このページでは、直列システムと並列システムの意味とそれぞれの稼働率の計算方法について解説していきます。
・直列システム:全ての装置が稼働している場合のみ、システムが稼働
\(稼働率=A_1×A_2×・・・×A_N\)
・並列システム:ひとつの装置が稼働していれば、システムが稼働
\(稼働率=1-(1-A_1)×(1-A_2)×・・・×(1-A_N)\)
※\(A_N=装置_N\)の\(稼働率\)
直列システムとは?
直列システムとは、複数の装置から構成されるシステムの1つで、装置が一直線で接続される形態です。
直列システムでは、全ての装置が稼働している場合のみ、システムが稼働できます。
理由は、全ての装置が一直線(直列)で接続されているので、1つの装置の故障により、システムの分断となるためです。
直列システムの稼働率の計算方法(計算式)
\(装置_1、装置_2、・・・装置_N\)の稼働率が\(A_1、A_2、・・・A_N\)の場合、この直列システムの稼働率は、次の式で計算できます。
\(=A_1×A_2×・・・×A_N\)
実際に具体例で計算をしてみましょう。
\(装置_1と装置_2\)の稼働率が\(A_1=0.8、A_2=0.7\)の場合の直列システムの稼働率を求めよ。
直列システムの稼働率
\(=A_1×A_2\)
\(=0.8×0.7\)
\(=0.56\)
したがって、直列システムの稼働率は、「0.56」になります。
装置2台の稼働率は「0.8」と「0.7」でしたが、並列システムの稼働率は「0.56」となり、装置単体よりも低い稼働率になっています。
この理由は、直列システムでは、全ての装置が稼働している場合のみ、システムが稼働できるためです。
並列システムとは?
並列システムは、複数の装置から構成されるシステムの1つで、構成する装置が分岐して接続される形態です。
並列システムは、ひとつの装置が稼働していれば、システムが稼働できます。
なぜなら、装置が故障した場合でも、稼働している装置で迂回すれば、稼働を継続できるためです。
並列システムの稼働率の計算方法(計算式)
\(装置_1、装置_2、・・・装置_N\)の稼働率が\(A_1、A_2、・・・A_N\)の場合、この並列システムの稼働率は、次の式で計算できます。
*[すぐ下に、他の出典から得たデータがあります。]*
Lemma bigcup_chain_proper_over (F : set (set T)) (X0 : set T) (a0 : T) :
  F `<=` (fun X => X = set0 \/ proper_over X) -> total_on F subset ->
  F X0 -> X0 a0 -> proper_over (\bigcup_(X in F) X).
Proof.
move=> FP Ftot FX0 X0a0.
have member X a : F X -> X a -> proper_over X.
  by move=> FX Xa; case: (FP X FX) => // X_0; rewrite X_0 in Xa.
have [[_ _ _ _] _ L0X0] := member X0 a0 FX0 X0a0.
split; [split| |].
- by exists X0 => //; apply: L0X0; case: L0_ideal.
- move=> a b [X FX Xa] [Y FY Yb].
  have [XY|YX] := Ftot X Y FX FY.
  + have [[_ YD _ _] _ _] := member Y b FY Yb.
    by exists Y => //; apply: YD => //; apply: XY.
  + have [[_ XD _ _] _ _] := member X a FX Xa.
    by exists X => //; apply: XD => //; apply: YX.
- move=> a [X FX Xa]; have [[_ _ XN _] _ _] := member X a FX Xa.
  by exists X => //; apply: XN.
- move=> r a [X FX Xa]; have [[_ _ _ XM] _ _] := member X a FX Xa.
  by exists X => //; apply: XM.
- by move=> [X FX X1]; have [_ nX1 _] := member X 1 FX X1.
- by move=> a /L0X0 X0a; exists X0.
Qed.

Lemma exists_maximal_left_ideal :
  exists M, is_maximal_left_ideal M /\ L0 `<=` M.
Proof.
(* set0 is admitted so that the union of the empty chain stays in the family *)
have [A [PA Amax]] : exists A, (A = set0 \/ proper_over A) /\
    forall B, A `<` B -> ~ (B = set0 \/ proper_over B).
  apply: Zorn_bigcup => F FP Ftot.
  have [[X0 [FX0 [a0 X0a0]]]|empty] := pselect (exists X, F X /\ X !=set0).
    by right; exact: bigcup_chain_proper_over FP Ftot FX0 X0a0.
  left; apply/seteqP; split=> // a [X FX Xa].
  by case: empty; exists X; split; last exists a.
have L0_0 : L0 0 by case: L0_ideal.
have {PA} [A_ideal A_proper L0A] : proper_over A.
  case: PA => // A_0; exfalso; apply: (Amax L0).
    by rewrite A_0; split=> // /(_ 0 L0_0).
  by right; split.
exists A; split=> //; split=> // L' L'_ideal AL'.
have [L'1|L'_proper] := pselect (L' 1).
  by right=> a; case: L'_ideal => _ _ _ /(_ a 1 L'1); rewrite mulr1.
left=> a; split=> [L'a|]; last exact: AL'.
apply: contrapT => nAa; apply: (Amax L').
  by split=> // /(_ a L'a).
by right; split=> // b /L0A /AL'.
Qed.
\(=1-(1-A_1)×(1-A_2)×・・・×(1-A_N)\)
例題で確認をしていきましょう。
\(装置_1と装置_2\)の稼働率が\(A_1=0.8、A_2=0.7\)の場合の並列システムの稼働率を求めよ。
並列システムの稼働率
\(=1-(1-A_1)×(1-A_2)\)
\(=1-(1-0.8)×(1-0.7)\)
\(=1-0.2×0.3\)
\(=1-0.06\)
\(=0.94\)
したがって、直列システムの稼働率は、「0.94」になります。
ここで、装置2台の稼働率は「0.8」と「0.7」でしたが、並列システムの稼働率は「0.94」となり、装置単体よりも高い稼働率になっています。
この理由は、並列システムは、ひとつの装置が稼働していれば、システムが稼働できるためです。
[補足]並列システムの稼働率の計算式について
並列システムの稼働率は次のように計算できました。
この計算式について補足説明をします。
まず、\(A_N\)は\(装置_N\)の稼働率なので、\(1-A_N\)は\(装置_N\)の故障率になります。
\(装置_N\)の故障率=\(1-装置N\)の稼働率
よって、\((1-A_1)×(1-A_2)×・・・×(1-A_N)\)は、N台の全装置が故障する割合です。
ここで、並列システムは、装置が1台でも稼働すれば、システム全体が稼働できます。言い換えると、全ての装置が故障する場合のみ、システム全体の故障となります。
つまり、全ての装置が故障する割合である\((1-A_1)×(1-A_2)×・・・×(1-A_N)\)は、並列システムの故障率と同じ意味です。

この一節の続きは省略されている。